▼▼▼

Lemma AEC_restr E s : AEC G C E ->
  AEC (restr G (Rfz G (SCC G s) E)) (fcap (Dfz G (SCC G s) E) C) (fcap E (SCC G s)).
Proof.
move=> [[EA [cfE defE]] EC]; set S := SCC G s.
have E_le_R := admissible_le_Rfz wfG (conj EA (conj cfE defE)).
have split := wdefends_split wfG EA EA (fun _ _ => erefl) (E_le_R s).
have ES z : fcap E S z = if z \in supp S then E z else 0 := fcap_SCCE wfG s z EA.
split; first split; [|split|].
- move=> z /=; rewrite ES; case: ifP => zS; last by rewrite lexx Rfz_ge0.
  by split; [case: (EA z) | apply: E_le_R].
- move=> [A [a [B [b [Aa [Bb att]]]]]].
  have [AS Aa'] := fpt_in_fcap_SCC wfG EA Aa.
  have [BS Bb'] := fpt_in_fcap_SCC wfG EA Bb.
  have inR z c : z \in supp S -> fpt_in E z c -> z \in supp (Rfz G S E).
    move=> zS [c0 [_ cE]]; rewrite supp_E.
    exact: lt_le_trans c0 (le_trans cE (E_le_R _ _ zS)).
  rewrite suff_att_restr ?(inR _ _ AS Aa') ?(inR _ _ BS Bb') // in att.
  by apply: cfE; exists A, a, B, b.
- move=> x a xa; have [xS [a0 [a1 aE]]] := fpt_in_fcap_SCC wfG EA xa.
  have aR : a <= Rfz G S E x := le_trans aE (E_le_R _ _ xS).
  by case: ((split x a xS a0 a1 aR).1 (defE x a (conj a0 (conj a1 aE)))).
- move=> z; rewrite ES /fcap; case: ifP => zS; last first.
    by rewrite lexx le_min; case/andP: (Dfz_ge0_le1 G S E z) => -> _; case: (CA z).
  split; first by case: (EA z).
  rewrite le_min; apply/andP; split; last by case: (EC z).
  apply: le_from_levels; [by case/andP: (Dfz_ge0_le1 G S E z) |
    exact: le_trans (proj2 (EA z)) (fA_le1 wfG z) |].
  move=> a a0 a1 aE; have aR := le_trans aE (E_le_R _ _ zS).
  apply/(le_Dfz G _ _ _ a0 a1); split => //.
  by case: ((split z a zS a0 a1 aR).1 (defE z a (conj a0 (conj a1 aE)))).
Qed.

Section Glue.
Variable E : fz R U.
Hypotheses (EA : fsub E (fA G)) (pieces : forall S, SCCS G S ->
  AEC (restr G (Rfz G S E)) (fcap (Dfz G S E) C) (fcap E S)).

Lemma glue_piece z : 0 < E z ->
  [/\ z \in args G, z \in supp (SCC G z) & SCCS G (SCC G z)].
Proof.
move=> Ez; have Az : 0 < fA G z := lt_le_trans Ez (proj2 (EA z)).
have za := fA_args wfG Az.
by split; [| exact: SCC_self | exact: SCCS_SCC].
Qed.

Lemma glue_le_Rfz s : s \in args G ->
  forall z, z \in supp (SCC G s) -> E z <= Rfz G (SCC G s) E z.
Proof.
move=> sa z zS; have [[fsubS _] _] := pieces (SCCS_SCC sa).
by have [_] := fsubS z; rewrite (fcap_SCC_in wfG).
Qed.
(* Let $n \ge 2$ and let $K$ be a compact convex subset of $\mathbb{R}^n$ such that, for every unit vector $u$, the projection $\Xi_u$ contains a translate of $K_u$. Then there exists $x \in \mathbb{R}^n$ such that $$K + x \subseteq D \subseteq \tfrac{n}{n-1}\,\Xi.$$
   Context: $e_1,\dots,e_n$ are the standard basis vectors of $\mathbb{R}^n$ and $o$ is the origin. $\Xi$ is the simplex $\mathrm{conv}\{o, e_1, \dots, e_n\}$. $D$ is the convex hull of $\Xi$ and the point $p = (\tfrac{1}{n-1}, \dots, \tfrac{1}{n-1})$; equivalently $D = \{x \in \mathbb{R}^n : x_i \ge 0 \text{ for all } i,\ \sum_{j \ne i} x_j \le 1 \text{ for all } i\}$. For a set $S$ and unit vector $u$, $S_u$ denotes the orthogonal projection of $S$ onto $u^\perp$; ''$A$ contains a translate of $B$'' means $B + w \subseteq A$ for some vector $w$. *)

From Stdlib Require Import Reals List.
From mathcomp Require Import all_boot.

Set Implicit Arguments.
Unset Strict Implicit.
Unset Printing Implicit Defensive.

Local Open Scope R_scope.

Definition vec (n : nat) := 'I_n -> R.

Definition rsum (m : nat) (F : 'I_m -> R) : R := \big[Rplus/0]_(i < m) F i.

Definition dot (n : nat) (u v : vec n) : R := rsum (fun i => u i * v i).

Definition vadd (n : nat) (x y : vec n) : vec n := fun i => x i + y i.
Definition vscale (n : nat) (c : R) (x : vec n) : vec n := fun i => c * x i.

Definition unit_vec (n : nat) (u : vec n) : Prop := dot u u = 1.

Definition origin (n : nat) : vec n := fun _ => 0.
Definition basis (n : nat) (k : 'I_n) : vec n :=
  fun i => if i == k then 1 else 0.

Definition conv_fam (n m : nat) (P : 'I_m -> vec n) (x : vec n) : Prop :=
  exists lam : 'I_m -> R,
    (forall j, 0 <= lam j) /\ rsum lam = 1 /\
    forall i, x i = rsum (fun j => lam j * P j i).

(* the points o, e_1, ..., e_n indexed by 'I_n.+1 (index 0 is o) *)
Definition simplex_pts (n : nat) (j : 'I_n.+1) : vec n :=
  match unlift ord0 j with
  | None => @origin n
  | Some k => @basis n k
  end.

Definition Xi (n : nat) (x : vec n) : Prop := conv_fam (@simplex_pts n) x.

(* D = conv(Xi ∪ {p}), given by its inequality description *)
Definition Dset (n : nat) (x : vec n) : Prop :=
  (forall i, 0 <= x i) /\
  (forall i, rsum (fun j => if j == i then 0 else x j) <= 1).

Definition dilate (n : nat) (c : R) (S : vec n -> Prop) (y : vec n) : Prop :=
  exists x, S x /\ y = vscale c x.

Definition translate (n : nat) (S : vec n -> Prop) (w : vec n) (y : vec n) : Prop :=
  exists x, S x /\ y = vadd x w.

Definition set_sub (n : nat) (A B : vec n -> Prop) : Prop := forall x, A x -> B x.

Definition contains_translate (n : nat) (A B : vec n -> Prop) : Prop :=
  exists w, set_sub (translate B w) A.

Definition proj_pt (n : nat) (u x : vec n) : vec n :=
  fun i => x i - dot x u * u i.
Definition proj_set (n : nat) (S : vec n -> Prop) (u : vec n) (y : vec n) : Prop :=
  exists x, S x /\ y = proj_pt u x.

Definition convex (n : nat) (K : vec n -> Prop) : Prop :=
  forall x y t, K x -> K y -> 0 <= t <= 1 ->
    K (vadd (vscale t x) (vscale (1 - t) y)).

Definition dist2 (n : nat) (x y : vec n) : R := rsum (fun i => (x i - y i) * (x i - y i)).
Definition open_set (n : nat) (U : vec n -> Prop) : Prop :=
  forall x, U x -> exists eps, 0 < eps /\ forall y, dist2 x y < eps * eps -> U y.

Definition compact_set (n : nat) (K : vec n -> Prop) : Prop :=
  forall (I : Type) (U : I -> vec n -> Prop),
    (forall i, open_set (U i)) ->
    (forall x, K x -> exists i, U i x) ->
    exists l : list I, forall x, K x -> exists i, List.In i l /\ U i x.

(* Only the n coordinate directions u = e_i are needed.  Projecting along e_i just erases coordinate
   i, so the hypothesis for e_i yields a vector w_i with k_j + w_i j >= 0 for
   j <> i and sum_(j <> i) (k_j + w_i j) <= 1 for all k in K ("facet fit").
   Since n >= 2, every coordinate is bounded below on K; translating K by
   x_j = - inf_K k_j makes K nonnegative, and x_j <= w_i j for j <> i then
   gives the facet inequalities of D.  The inclusion D in n/(n-1) Xi follows
   by summing the n facet inequalities: (n-1) sum x <= n. *)
From HB Require Import structures.
From Stdlib Require Import Reals Lra FunctionalExtensionality Classical.
From mathcomp Require Import all_boot.

Set Implicit Arguments.
Unset Strict Implicit.
Local Open Scope R_scope.

Lemma RplusA : associative Rplus. Proof. by move=> *; rewrite Rplus_assoc. Qed.
HB.instance Definition _ := Monoid.isComLaw.Build R 0 Rplus RplusA Rplus_comm Rplus_0_l.

Lemma rsum_le m (F G : 'I_m -> R) : (forall i, F i <= G i) -> rsum F <= rsum G.
Proof.
move=> FG; apply: (big_ind2 (fun a b => a <= b)) => [|*|i _]; [lra|lra|exact: FG].
Qed.

Lemma rsumD m (F G : 'I_m -> R) : rsum (fun i => F i + G i) = rsum F + rsum G.
Proof. by rewrite /rsum big_split. Qed.

Lemma rsumN m (F : 'I_m -> R) : rsum (fun i => - F i) = - rsum F.
Proof.
rewrite /rsum; symmetry; apply: (big_morph Ropp); last by rewrite Ropp_0.
by move=> a b; rewrite Ropp_plus_distr.
Qed.

Lemma rsumZ m c (F : 'I_m -> R) : rsum (fun i => c * F i) = c * rsum F.
Proof.
rewrite /rsum; symmetry; apply: (big_morph (fun s => c * s)); last by rewrite Rmult_0_r.
by move=> a b; rewrite Rmult_plus_distr_l.
Qed.

Lemma rsum_const m c : rsum (fun _ : 'I_m => c) = INR m * c.
Proof.
rewrite /rsum big_const_ord; elim: m => [|m IH] /=; first lra.
by rewrite IH; case: m {IH} => /= [|m]; lra.
Qed.

Lemma rsum_delta m (i : 'I_m) (F : 'I_m -> R) :
  rsum (fun j => if j == i then F j else 0) = F i.
Proof.
rewrite /rsum (bigD1 i) //= eqxx big1; first lra.
by move=> j /negbTE ->.
Qed.

Lemma rsum_out m (i : 'I_m) (F : 'I_m -> R) :
  rsum (fun j => if j == i then 0 else F j) = rsum F - F i.
Proof.
have := rsumD (fun j => if j == i then 0 else F j) (fun j => if j == i then F j else 0).
rewrite rsum_delta.
have -> : (fun j => (if j == i then 0 else F j) + (if j == i then F j else 0)) = F.
  by apply: functional_extensionality => j; case: (j == i); lra.
move=> ->; lra.
Qed.

Lemma Xi_coord n (lam : 'I_n.+1 -> R) i :
  rsum (fun j => lam j * simplex_pts j i) = lam (lift ord0 i).
Proof.
rewrite /rsum big_ord_recl /simplex_pts unlift_none /origin Rmult_0_r Rplus_0_l.
rewrite -[RHS](rsum_delta i (fun k => lam (lift ord0 k))).
apply: eq_bigr => k _; rewrite liftK /basis eq_sym; case: (k == i); lra.
Qed.

Lemma Xi_char n (z : vec n) : Xi z <-> (forall j, 0 <= z j) /\ rsum z <= 1.
Proof.
split.
  move=> [lam [lam_ge0 [lam_sum1 z_comb]]].
  have -> : z = fun k => lam (lift ord0 k).
    by apply: functional_extensionality => k; rewrite z_comb Xi_coord.
  split=> [j|]; first exact: lam_ge0.
  move: lam_sum1; rewrite /rsum big_ord_recl => lam_sum1.
  have := lam_ge0 ord0; rewrite /rsum; lra.
move=> [z_ge0 z_sum].
exists (fun l => if unlift ord0 l is Some k then z k else 1 - rsum z).
split; [|split].
- by move=> l; case: (unlift ord0 l) => [k|]; [exact: z_ge0 | lra].
- rewrite {1}/rsum big_ord_recl unlift_none.
  rewrite (eq_bigr (fun k => z k)) => [|k _]; last by rewrite liftK.
  rewrite -/(rsum z); lra.
- by move=> i; rewrite Xi_coord liftK.
Qed.

(* D lies in n/(n-1) Xi: summing the n facet inequalities of D bounds the
   coordinate sum by n/(n-1). *)
Lemma D_sub_dilate_Xi n (Hn : (2 <= n)%nat) :
  set_sub (@Dset n) (dilate (Rdiv (INR n) (Rminus (INR n) 1)) (@Xi n)).
Proof.
move=> x [x_ge0 x_facet].
have n_ge2 : 2 <= INR n by apply: (le_INR 2); apply/leP.
have sum_bound : (INR n - 1) * rsum x <= INR n.
  have := rsum_le x_facet; rewrite rsum_const.
  have -> : (fun i => rsum (fun j => if j == i then 0 else x j)) =
            (fun i => rsum x + - x i).
    by apply: functional_extensionality => i; rewrite rsum_out.
  rewrite rsumD rsumN rsum_const; lra.
exists (fun j => (INR n - 1) / INR n * x j); split.
  apply/Xi_char; split.
    move=> j; apply: Rmult_le_pos; last exact: x_ge0.
    apply: Rle_mult_inv_pos; lra.
  rewrite rsumZ; apply: (Rmult_le_reg_l (INR n)); first lra.
  field_simplify; lra.
by apply: functional_extensionality => j; rewrite /vscale; field; lra.
Qed.

Lemma proj_basis_coord n (k : vec n) i j :
  proj_pt (basis i) k j = if j == i then 0 else k j.
Proof.
have dot_ki : dot k (basis i) = k i.
  rewrite /dot -[RHS](rsum_delta i k); apply: eq_bigr => l _.
  by rewrite /basis; case: (l == i); lra.
by rewrite /proj_pt dot_ki /basis; case: eqP => [->|_]; lra.
Qed.

Lemma basis_unit n (i : 'I_n) : unit_vec (basis i).
Proof.
rewrite /unit_vec /dot -[RHS](rsum_delta i (fun _ => 1)); apply: eq_bigr => j _.
by rewrite /basis; case: (j == i); lra.
Qed.

(* [w] fits K into the facet of Xi opposite to e_i after translation: the
   coordinates other than i of k + w form a point of the (n-1)-simplex. *)
Definition facet_fit n (i : 'I_n) (K : vec n -> Prop) (w : vec n) : Prop :=
  forall k, K k -> (forall j, j != i -> 0 <= k j + w j) /\
    rsum (fun j => if j == i then 0 else k j + w j) <= 1.

Lemma proj_basis_facet_fit n (i : 'I_n) (K : vec n -> Prop) w :
  set_sub (translate (proj_set K (basis i)) w) (proj_set (@Xi n) (basis i)) ->
  facet_fit i K w.
Proof.
move=> fit k Kk.
have [z [Xz Ez]] : proj_set (@Xi n) (basis i) (vadd (proj_pt (basis i) k) w).
  by apply: fit; exists (proj_pt (basis i) k); split=> //; exists k.
have kw_z : forall j, j != i -> k j + w j = z j.
  move=> j ji; have := f_equal (fun f => f j) Ez; rewrite /vadd /= !proj_basis_coord.
  by rewrite (negbTE ji); lra.
move/Xi_char: Xz => [z_ge0 z_sum]; split=> [j ji|]; first by rewrite kw_z.
apply: Rle_trans z_sum; apply: rsum_le => j.
by case: eqP => [_|/eqP ji]; [exact: z_ge0 | rewrite kw_z //; lra].
Qed.

Lemma coord_inf n (K : vec n -> Prop) (j : 'I_n) :
  (exists k, K k) -> (exists b, forall k, K k -> b <= k j) ->
  {m | (forall k, K k -> m <= k j) /\
       forall b, (forall k, K k -> b <= k j) -> b <= m}.
Proof.
move=> nonempty bounded.
pose E r := exists k, K k /\ r = - k j.
have [M [M_ub M_least]] : {M | is_lub E M}.
  apply: completeness.
    have [b b_low] := bounded.
    by exists (- b) => r [k [Kk ->]]; have := b_low k Kk; lra.
  by have [k Kk] := nonempty; exists (- k j), k.
exists (- M); split=> [k Kk | b' b'_low].
  by have := M_ub (- k j) (ex_intro _ k (conj Kk erefl)); lra.
suff : M <= - b' by lra.
by apply: M_least => r [k [Kk ->]]; have := b'_low k Kk; lra.
Qed.

(* For n >= 2 every index has a different one; this is why each coordinate
   is bounded below on K by some facet fit. *)
Lemma other_index n (Hn : (2 <= n)%nat) (j : 'I_n) : exists i : 'I_n, i != j.
Proof.
have lt0n : (0 < n)%nat by apply: leq_trans Hn.
case: (eqVneq (Ordinal lt0n) j) => [e|ne]; last by exists (Ordinal lt0n).
by exists (Ordinal Hn); rewrite -e.
Qed.

(* If K admits a facet fit for every i (and n >= 2), then translating K by
   minus its coordinatewise infimum puts it inside D. *)
Lemma translate_into_D n (Hn : (2 <= n)%nat) (K : vec n -> Prop) :
  (forall i, exists w, facet_fit i K w) ->
  exists x, set_sub (translate K x) (@Dset n).
Proof.
move=> fits.
have [nonempty | empty] := classic (exists k, K k); last first.
  by exists (@origin n) => y [k [Kk _]]; case: empty; exists k.
have low_bound : forall i j (w : vec n), facet_fit i K w -> j != i ->
    forall k, K k -> - w j <= k j.
  by move=> i j w fit ji k Kk; have [fit_ge0 _] := fit k Kk; have := fit_ge0 j ji; lra.
have inf : forall j, {m | (forall k, K k -> m <= k j) /\
                          forall b, (forall k, K k -> b <= k j) -> b <= m}.
  move=> j; apply: coord_inf => //.
  have [i ij] := other_index Hn j; have [w fit] := fits i.
  by exists (- w j); apply: low_bound fit _; rewrite eq_sym.
exists (fun j => - sval (inf j)) => y [k [Kk ->]]; split=> [j | i].
  by have := proj1 (svalP (inf j)) k Kk; rewrite /vadd; lra.
have [w fit] := fits i; have [_ fit_sum] := fit k Kk.
apply: Rle_trans fit_sum; apply: rsum_le => j; rewrite /vadd.
case: eqP => [_|/eqP ji]; first lra.
suff : - w j <= sval (inf j) by lra.
exact: (proj2 (svalP (inf j)) _ (low_bound i j w fit ji)).
Qed.

Theorem theorem4p1 (n : nat) (Hn : (2 <= n)%nat) (K : vec n -> Prop) :
  compact_set K -> convex K ->
  (forall u : vec n, unit_vec u ->
     contains_translate (proj_set (@Xi n) u) (proj_set K u)) ->
  exists x : vec n,
    set_sub (translate K x) (@Dset n) /\
    set_sub (@Dset n) (dilate (Rdiv (INR n) (Rminus (INR n) 1)) (@Xi n)).
Proof.
move=> _ _ proj_fit.
have fits : forall i, exists w, facet_fit i K w.
  move=> i; have [w fit] := proj_fit _ (basis_unit i).
  by exists w; apply: proj_basis_facet_fit.
have [x Kx_in_D] := translate_into_D Hn fits.
by exists x; split; last exact: D_sub_dilate_Xi.
Qed.
(* [seq T] carries no σ-algebra, so functionals of the draws are taken of the form
   [fun s => Phi (z, foldr step v0 s)] for a statistic with values in a measurable
   space [V]; their iterated integrals are then measurable in the parameter [z]. *)
Section statistic.
Variables (dV : measure_display) (V : measurableType dV) (step : T -> V -> V) (v0 : V).
Hypothesis mstep : measurable_fun setT (fun y : T * V => step y.1 y.2).

Local Notation stat := (foldr step v0).

Definition shift_stat d (Z : measurableType d) (Phi : Z * V -> \bar R) :
  (Z * T) * V -> \bar R := fun y => Phi (y.1.1, step y.1.2 y.2).

Lemma measurable_shift_stat d (Z : measurableType d) (Phi : Z * V -> \bar R) :
  measurable_fun setT Phi -> measurable_fun setT (shift_stat Phi).
Proof.
move=> mPhi; apply: (measurableT_comp (f := Phi)
  (g := fun y : (Z * T) * V => (y.1.1, step y.1.2 y.2))) => //.
apply: measurable_fun_pair; first exact: measurableT_comp measurable_fst measurable_fst.
apply: (measurableT_comp (f := fun y : T * V => step y.1 y.2)
  (g := fun y : (Z * T) * V => (y.1.2, y.2))) => //.
apply: measurable_fun_pair => //; exact: measurableT_comp measurable_snd measurable_fst.
Qed.

Lemma iid_statS n d (Z : measurableType d) (Phi : Z * V -> \bar R) z :
  iid n.+1 (fun s => Phi (z, stat s)) =
  draw (fun t => iid n (fun s => shift_stat Phi ((z, t), stat s))).
Proof. by []. Qed.

Lemma measurable_iid_stat n d (Z : measurableType d) (Phi : Z * V -> \bar R) :
  measurable_fun setT Phi -> (forall y, 0 <= Phi y) ->
  measurable_fun setT (fun z => iid n (fun s => Phi (z, stat s))).
Proof.
elim: n d Z Phi => [|n IH] d Z Phi mPhi Phi0.
  exact: measurableT_comp mPhi (pair2_measurable v0).
under eq_fun do rewrite iid_statS.
apply: (measurable_draw (G := fun zt => iid n (fun s => shift_stat Phi (zt, stat s)))).
  exact: IH (measurable_shift_stat mPhi) (fun y => Phi0 _).
by move=> y; apply: iid_ge0 => s; exact: Phi0.
Qed.

Lemma measurable_iid_shift_stat n d (Z : measurableType d) (Phi : Z * V -> \bar R) z :
  measurable_fun setT Phi -> (forall y, 0 <= Phi y) ->
  measurable_fun setT (fun t => iid n (fun s => shift_stat Phi ((z, t), stat s))).
Proof.
move=> mPhi Phi0; exact: measurableT_comp
  (measurable_iid_stat n (measurable_shift_stat mPhi) (fun y => Phi0 _)) (pair1_measurable z).
Qed.

Lemma iid_statD n d (Z : measurableType d) (Phi1 Phi2 : Z * V -> \bar R) z :
  measurable_fun setT Phi1 -> (forall y, 0 <= Phi1 y) ->
  measurable_fun setT Phi2 -> (forall y, 0 <= Phi2 y) ->
  iid n (fun s => Phi1 (z, stat s) + Phi2 (z, stat s)) =
  iid n (fun s => Phi1 (z, stat s)) + iid n (fun s => Phi2 (z, stat s)).
Proof.
elim: n d Z Phi1 Phi2 z => [//|n IH] d Z Phi1 Phi2 z m1 P1 m2 P2.
rewrite !iid_statS -drawD.
- congr draw; apply/funext => t.
  exact: (IH _ _ (shift_stat Phi1) (shift_stat Phi2) (z, t)
    (measurable_shift_stat m1) (fun y => P1 _) (measurable_shift_stat m2) (fun y => P2 _)).
- exact: measurable_iid_shift_stat Phi1 z m1 P1.
- by move=> t; apply: iid_ge0 => s; exact: P1.
- exact: measurable_iid_shift_stat Phi2 z m2 P2.
- by move=> t; apply: iid_ge0 => s; exact: P2.
Qed.
(* Let $S=(n,\phi,F)$ be a semicoherent system whose lifetime distribution has no ties. Then for every $j\in[n]$, $$I_{\mathrm{BP}}^{(j)}=\sum_{A\subseteq[n]\setminus\{j\}}r_j(A)\,m_\phi(A\cup\{j\}).$$
   Context: Semicoherent system $S=(n,\phi,F)$: $\phi:2^{[n]}\to\{0,1\}$ nondecreasing (subsets identified with Boolean vectors), $\phi(\varnothing)=0$, $\phi([n])=1$; $F$ is the joint c.d.f. of nonnegative component lifetimes $X_1,\ldots,X_n$ with $\Pr(X_i=X_k)=0$ for $i\neq k$. System lifetime $T=\inf\{t\geq0:\phi(\{i:X_i>t\})=0\}$, and $I_{\mathrm{BP}}^{(j)}=\Pr(T=X_j)$. The Möbius transform of $\phi$ is $m_\phi(A)=\sum_{B\subseteq A}(-1)^{|A|-|B|}\phi(B)$. For $j\in[n]$ and $A\subseteq[n]\setminus\{j\}$, $r_j(A)=\Pr\big(X_j<\min_{i\in A}X_i\big)$ (empty min $=+\infty$). *)

From HB Require Import structures.
From mathcomp Require Import all_boot all_order all_algebra.
Set Implicit Arguments. Unset Strict Implicit. Unset Printing Implicit Defensive.
Import Order.TTheory GRing.Theory Num.Theory.
Local Open Scope ring_scope.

▲▲▲

→ **What is expected**
Lines after the one containing "have [BS Bb'] := fpt_in_fcap_SCC wfG EA Bb." are not part of the task. Output the entries exactly from their first line through that one.

→ **Written response**
Lemma AEC_restr E s : AEC G C E ->
  AEC (restr G (Rfz G (SCC G s) E)) (fcap (Dfz G (SCC G s) E) C) (fcap E (SCC G s)).
Proof.
move=> [[EA [cfE defE]] EC]; set S := SCC G s.
have E_le_R := admissible_le_Rfz wfG (conj EA (conj cfE defE)).
have split := wdefends_split wfG EA EA (fun _ _ => erefl) (E_le_R s).
have ES z : fcap E S z = if z \in supp S then E z else 0 := fcap_SCCE wfG s z EA.
split; first split; [|split|].
- move=> z /=; rewrite ES; case: ifP => zS; last by rewrite lexx Rfz_ge0.
  by split; [case: (EA z) | apply: E_le_R].
- move=> [A [a [B [b [Aa [Bb att]]]]]].
  have [AS Aa'] := fpt_in_fcap_SCC wfG EA Aa.
  have [BS Bb'] := fpt_in_fcap_SCC wfG EA Bb.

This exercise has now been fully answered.